I have a homework question that goes as follows.
Let $V = \{(x, y, z) : x^2 + y^2 \leq 4 \text{ and } 0 \leq z \leq 4\}$ be a cylinder and let $P$ be the plane through $(4,0,2), (0,4,2)$, and $(-4,-4,4)$. Compute the volume of $C$ below the plane $P$.
So I have these points and I set up my $a(x-x_0) + b(y-y_0) + c(z-z_0) = 0$ where $(x_0, y_0, z_0)$ is a point in the plane and $\langle a,b,c\rangle$ is perpendicular.
I then got two vectors that go between two points, namely: $PQ = <(0-4, (4-0), (2,-2)> = <-4, 4, 0>$ and $PR = <(-4-4), (-4-0), (4,-2)> = <-8,-4,2>$.

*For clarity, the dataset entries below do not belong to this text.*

Definition linear_isometric_group_action (G : Type) (mul : G -> G -> G)
    (one : G) (inv : G -> G) (act : G -> M -> M) : Prop :=
  [/\ (forall g h k, mul g (mul h k) = mul (mul g h) k),
      (forall g, mul one g = g) &
      (forall g, mul (inv g) g = one)] /\
  [/\ (forall x, act one x = x),
      (forall g h x, act (mul g h) x = act g (act h x)),
      (forall g (a : R) x y, act g (a *: x + y) = a *: act g x + act g y) &
      (forall g x, `|act g x| = `|x|)].

Definition group_orbit (G : Type) (act : G -> M -> M) (m : M) : set M :=
  range (fun g => act g m).

Definition closed_subspace (E : set M) : Prop :=
  [/\ E 0, (forall (a : R) x y, E x -> E y -> E (a *: x + y)) & closed E].

Definition C1_on (f : M -> M) (U : set M) : Prop :=
  (forall x, U x -> differentiable f x) /\
  (forall x, U x -> forall e : R, 0 < e -> exists2 d : R, 0 < d &
     forall y, U y -> `|y - x| < d -> forall h, `|'d f y h - 'd f x h| <= e * `|h|).

Definition submanifold_chart (S : set M) (p : M) (U : set M) (phi : M -> M)
    (E : set M) : Prop :=
  [/\ open U, U p & open (phi @` U)] /\
  [/\ C1_on phi U,
      (exists psi : M -> M, [/\ C1_on psi (phi @` U),
          (forall x, U x -> psi (phi x) = x) &
          (forall y, (phi @` U) y -> phi (psi y) = y)]),
      closed_subspace E &
      phi @` (U `&` S) = phi @` U `&` E].

Definition C1_submanifold (S : set M) : Prop :=
  forall p, S p -> exists U phi E, submanifold_chart S p U phi E.

Definition tangent_space (S : set M) (p : M) (T : set M) : Prop :=
  exists U phi E, submanifold_chart S p U phi E /\
    T = [set v | E ('d phi p v)].

Definition orth (ip : M -> M -> R) (T : set M) : set M :=
  [set x | forall v, T v -> ip x v = 0].

Definition borel_measurable d (Omega : measurableType d) (f : Omega -> M) : Prop :=
  forall B : set M, (open : set (set M)).-sigma.-measurable B ->
    measurable (f @^-1` B).

Definition frechet_fun d (Omega : measurableType d) (P : probability Omega R)
    (G : Type) (act : G -> M -> M) (X : Omega -> M) (m : M) : \bar R :=
  (\int[P]_w (inf (range (fun g => `|act g (X w) - m| ^+ 2)))%:E)%E.

Definition is_frechet_mean d (Omega : measurableType d) (P : probability Omega R)
    (G : Type) (act : G -> M -> M) (X : Omega -> M) (m : M) : Prop :=
  forall m', (frechet_fun P act X m <= frechet_fun P act X m')%E.

End defs.

(* For l >= 0, expanding the square gives
     F(l t0) = E|X|^2 + l^2 |t0|^2 - 2 l E h(X),   where h(x) = sup_g <g x, t0>,
   a quadratic in l minimised at l = E h(X) / |t0|^2.  Hence [t0] can only be a
   Fréchet mean if E h(X) = |t0|^2, and |t0|^2 = E <X, t0> because E eps = 0.
   But h(x) >= <x, t0>, strictly when <x, v> != 0 for some tangent vector v:
   moving t0 along the orbit in the direction of v raises <x, g t0> at first
   order.  The same argument at x = t0 shows that t0 is orthogonal to the
   tangent space (the orbit lies on a sphere), so X and eps are orthogonal to
   it simultaneously. *)

From HB Require Import structures.
From mathcomp Require Import all_boot all_order all_algebra.
From mathcomp Require Import all_classical all_reals all_analysis.
From mathcomp Require Import lra measurable_realfun.
Import Order.TTheory GRing.Theory Num.Theory.
Import numFieldNormedType.Exports.
Local Open Scope classical_set_scope.
Local Open Scope ring_scope.
Set Implicit Arguments. Unset Strict Implicit. Unset Printing Implicit Defensive.

Lemma lipschitz_continuous (R : realType) (M : normedModType R) (f : M -> R) (k : R) :
  0 <= k -> (forall x y, `|f x - f y| <= k * `|x - y|) -> continuous f.
Proof.
move=> k0 fk x; apply/cvgrPdist_le => e e0.
have k1 : 0 < k + 1 by rewrite ltr_wpDl.
apply/nbhs_normP; exists (e / (k + 1)); first by rewrite /= divr_gt0.
move=> y /= xy; apply: le_trans (fk x y) _.
apply: le_trans (_ : k * (e / (k + 1)) <= e); first by rewrite ler_wpM2l // ltW.
by rewrite mulrA ler_pdivrMr //; nra.
Qed.

Section InnerProduct.
Variables (R : realType) (M : completeNormedModType R) (ip : M -> M -> R).
Hypothesis ipP : is_inner_product ip.

Lemma ipDZl a x y z : ip (a *: x + y) z = a * ip x z + ip y z.
Proof. by case: ipP. Qed.

Lemma ipC x y : ip x y = ip y x.
Proof. by case: ipP. Qed.

Lemma ip_sqr_norm x : ip x x = `|x| ^+ 2.
Proof. by case: ipP. Qed.

Lemma ipDl x y z : ip (x + y) z = ip x z + ip y z.
Proof. by have := ipDZl 1 x y z; rewrite scale1r mul1r. Qed.

Lemma ip0l z : ip 0 z = 0.
Proof. by have := ipDl 0 0 z; rewrite addr0; lra. Qed.

Lemma ipZl a x z : ip (a *: x) z = a * ip x z.
Proof. by rewrite -[a *: x]addr0 ipDZl ip0l addr0. Qed.

Lemma ipBl x y z : ip (x - y) z = ip x z - ip y z.
Proof. by rewrite ipDl -scaleN1r ipZl mulN1r. Qed.

Lemma ipDr x y z : ip z (x + y) = ip z x + ip z y.
Proof. by rewrite ipC ipDl !(ipC z). Qed.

I then get the cross product of them to get $<8,8,48>$ which is the coefficient in my equation of the plane:
$$8(x-4) + 8(y-0) + 48(z-2)=0$$ I think that this is the equation of my plane. Is it?

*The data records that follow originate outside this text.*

(* Let $N>0$ be an integer and $z$ a nonzero complex number (or indeterminate). Let $X,Y,Z$ be formal variables and let $\alpha,\beta$ satisfy $\alpha+\beta=X+Y$, $\alpha\beta=Z$. Then, as formal power series in $X,Y,Z$, \[ \Phi_0^{(N)}(X,Y,Z;z)=\frac{1}{Z-XY} \left\{{}_{2}F_{1}^{(N)}\left(\begin{matrix}\alpha-X,\beta-X\\ 1-X\end{matrix};z\right)-1\right\}, \] where the right-hand side is understood as follows: each term with $m\ge1$ of ${}_{2}F_{1}^{(N)}$ contains the factor $(\alpha-X)(\beta-X)=Z-XY$, so the division is exact, the result is symmetric in $\alpha,\beta$ and hence expressible in $X,Y,Z$, and $1/(1-X)_m$ is expanded as a power series in $X$.
   Context: $(x)_m=x(x+1)\cdots(x+m-1)$ is the rising factorial, $(x)_0=1$. For integers $N>0$, define \[ {}_{2}F_{1}^{(N)}\left(\begin{matrix}a,b\\ c\end{matrix};z\right)=\sum_{m=0}^{N-1}\frac{(a)_m(b)_m}{(c)_m\, m!}\,\frac{(N-m)_m}{(Nz^{-1}-m)_m}. \] For ${\boldsymbol{k}}=(k_1,\ldots,k_r)\in\mathbb{Z}_{>0}^r$ define the truncated multiple polylogarithm \[ \mathrm{Li}_{\boldsymbol{k}}^{(N)}(z)=\sum_{0<m_1<\cdots<m_r<N}\frac{1}{m_1^{k_1}\cdots m_r^{k_r}}\frac{(N-m_r)_{m_r}}{(Nz^{-1}-m_r)_{m_r}}. \] For integers $k,r,h>0$ let $I_0(k,r,h)$ be the set of $(k_1,\ldots,k_r)\in\mathbb{Z}_{>0}^r$ with $k_r>1$, $k_1+\cdots+k_r=k$ and $\#\{i\mid k_i>1\}=h$ (a finite set). Put $G_0^{(N)}(k,r,h;z)=\sum_{{\boldsymbol{k}}\in I_0(k,r,h)}\mathrm{Li}^{(N)}_{\boldsymbol{k}}(z)$ and \[ \Phi_0^{(N)}(X,Y,Z;z)=\sum_{k,r,h>0}G^{(N)}_0(k,r,h;z)\,X^{k-r-h}Y^{r-h}Z^{h-1}. \] *)

From mathcomp Require Import all_boot all_order all_algebra.
Set Implicit Arguments. Unset Strict Implicit. Unset Printing Implicit Defensive.
Import Order.TTheory GRing.Theory Num.Theory.
Local Open Scope ring_scope.

Section Defs.
Variable R : fieldType.

Definition rfac (x : R) (m : nat) : R := \prod_(i < m) (x + i%:R).

Definition tfac (N m : nat) (z : R) : R :=
  rfac (N%:R - m%:R) m / rfac (N%:R / z - m%:R) m.

(* truncated multiple polylogarithm Li^{(N)}_k(z), k = (k_1,...,k_r) given as a
   sequence; the summation runs over 0 < m_1 < ... < m_r < N, i.e. over
   r-tuples m of elements of 'I_N such that 0 :: m is strictly increasing. *)
Definition Li (N : nat) (k : seq nat) (z : R) : R :=
  \sum_(m : (size k).-tuple 'I_N | sorted ltn (0%N :: map val m))
    (\prod_(i < size k) ((nth 0%N (map val m) i)%:R ^+ nth 0%N k i)^-1)
    * tfac N (last 0%N (map val m)) z.

(* I_0(k,r,h): tuples (k_1,...,k_r) of positive integers with k_r > 1,
   k_1+...+k_r = k and #{i | k_i > 1} = h.  Every entry is <= k, so these are
   enumerated as r-tuples of elements of 'I_(k+1). *)
Definition in_I0 (k r h : nat) (t : r.-tuple 'I_k.+1) : bool :=
  [&& all (fun x => 0 < x)%N (map val t),
      (1 < last 0 (map val t))%N,
      (sumn (map val t) == k) &
      (count (fun x => 1 < x)%N (map val t) == h)].

Definition G0 (N k r h : nat) (z : R) : R :=
  \sum_(t : r.-tuple 'I_k.+1 | @in_I0 k r h t) Li N (map val t) z.

(* Coefficient of X^a Y^b Z^c in Phi_0^{(N)}(X,Y,Z;z): the only (k,r,h) with
   k-r-h = a, r-h = b, h-1 = c is k = a+b+2c+2, r = b+c+1, h = c+1. *)
Definition Phi0_coef (N : nat) (z : R) (a b c : nat) : R :=
  G0 N (a + b + 2 * c + 2) (b + c + 1) (c + 1) z.

(* Polynomials in X, Y, Z: T = R[X][Y][Z]; coefficient of X^a Y^b Z^c of p
   is p`_c`_b`_a. *)
Definition T := {poly {poly {poly R}}}.
Definition cT (x : R) : T := x%:P%:P%:P.
Definition vX : T := 'X%:P%:P.
Definition vY : T := 'X%:P.
Definition vZ : T := 'X.
Definition coefT (p : T) (a b c : nat) : R := p`_c`_b`_a.

(* Truncation at order n in X of the power-series expansion of 1/(j - X):
   sum_{a <= n} X^a / j^(a+1). *)
Definition geomT (n j : nat) : T :=
  \sum_(a < n.+1) cT ((j%:R)^-1 ^+ a.+1) * vX ^+ a.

Where do I go from here? I have a feeling I'm supposed to make a triple integral with the function being $8(x-4) + 8(y-0) + 48(z-2)=0$ and my limits being something to do with the cylinder but I am not sure about it at all. I think my $z$ limits are $0$ to $4$. Is that right?
Thanks a lot.
First of all, you made a mistake in your second vector when computing the direction of the plane:
$$PR=(-8,-4,2)$$
and your cross product doesn't look correct even with your vector $PR$.
Now the volume can be set up like this:
$$\iint_S z dxdy$$
where $S$ is the projection of the volume to the $xy$ plane and $z$ is the upper limit of $z$ which is the plane represented by $z$.

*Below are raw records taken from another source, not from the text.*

Lemma lhs_pointK e : inItilde s e -> lhs_residue (lhs_point e) = e.
Proof.
case/andP => /forallP e_lt _; apply/ffunP => j; apply: ord_inj.
rewrite lhs_residueE /lhs_point (ext_s_lt (ltn_ord j)) (ext_e_lt _ (ltn_ord j)).
have -> : Ordinal (ltn_ord j) = j by apply: val_inj.
by rewrite modz_nat absz_nat mulnC modnMDl modn_small.
Qed.

Lemma lhs_point_last e : lhs_point e ord_max = (des s e)%:Z.
Proof.
rewrite /lhs_point ext_s_ge ?ext_e_ge // mul1n addn0.
congr Posz; rewrite /des -sum1_card big_mkcond; apply: eq_bigr => i _.
by rewrite inE; case: ifP.
Qed.

Lemma asc_add_des e : inItilde s e -> (asc s e + des s e)%N = n.+1.
Proof.
case/andP => _ /forallP ratio_neq.
rewrite /asc /des -!sum1_card big_mkcond [X in (_ + X)%N]big_mkcond -big_split.
transitivity (\sum_(i < n.+1) 1)%N; last by rewrite sum_nat_const card_ord muln1.
apply: eq_bigr => i _; rewrite !inE.
by have := ratio_neq i; case: ltrgtP.
Qed.
Lemma open_par_lhs_residueK (R : realType) y : in_open_par R (lhs_vert s) y ->
  inItilde s (lhs_residue y) /\ lhs_point (lhs_residue y) = y.
Proof.
by move=> /in_open_par_lhsP y_open; split; [apply: lhs_residue_in | apply: lhs_residueK].
Qed.

Lemma lhs_point_open_parK (R : realType) e : inItilde s e ->
  in_open_par R (lhs_vert s) (lhs_point e) /\ lhs_residue (lhs_point e) = e.
Proof.
by move=> e_in; split; [apply/in_open_par_lhsP/lhs_point_open | apply: lhs_pointK].
Qed.
End LectureHallSimplex.

Unset Implicit Arguments.

Theorem proposition3p3 (R : realType) (n : nat) (s : 'I_n -> nat) :
  (forall i, (0 < s i)%N) ->
  lstar R (lhs_vert s) = \sum_(e | inItilde s e) 'X^(asc s e) /\
  lstar R (lhs_vert s) = \sum_(e | inItilde s e) 'X^(des s e).
Proof.
move=> s_gt0.
have residueK := @open_par_lhs_residueK n s s_gt0 R.
have pointK := @lhs_point_open_parK n s s_gt0 R.
split.
  rewrite (lstar_reflect_bij residueK pointK); apply: eq_bigr => e e_in.
  by rewrite lhs_point_last -(asc_add_des e_in) PoszD addrK.
by rewrite (lstar_bij residueK pointK); apply: eq_bigr => e _; rewrite lhs_point_last.
Qed.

In fact, you will need to check whether the plane is below $z=4$ in the confined region. After some trick you will see the plane is really below $z=4$. That's why the $z=4$ would not be in your integral any more.
The triple integral is
$$\int\int\int_0^z dzdxdy $$
where $z$ is exactly the plane. That is why I wrote the double integral.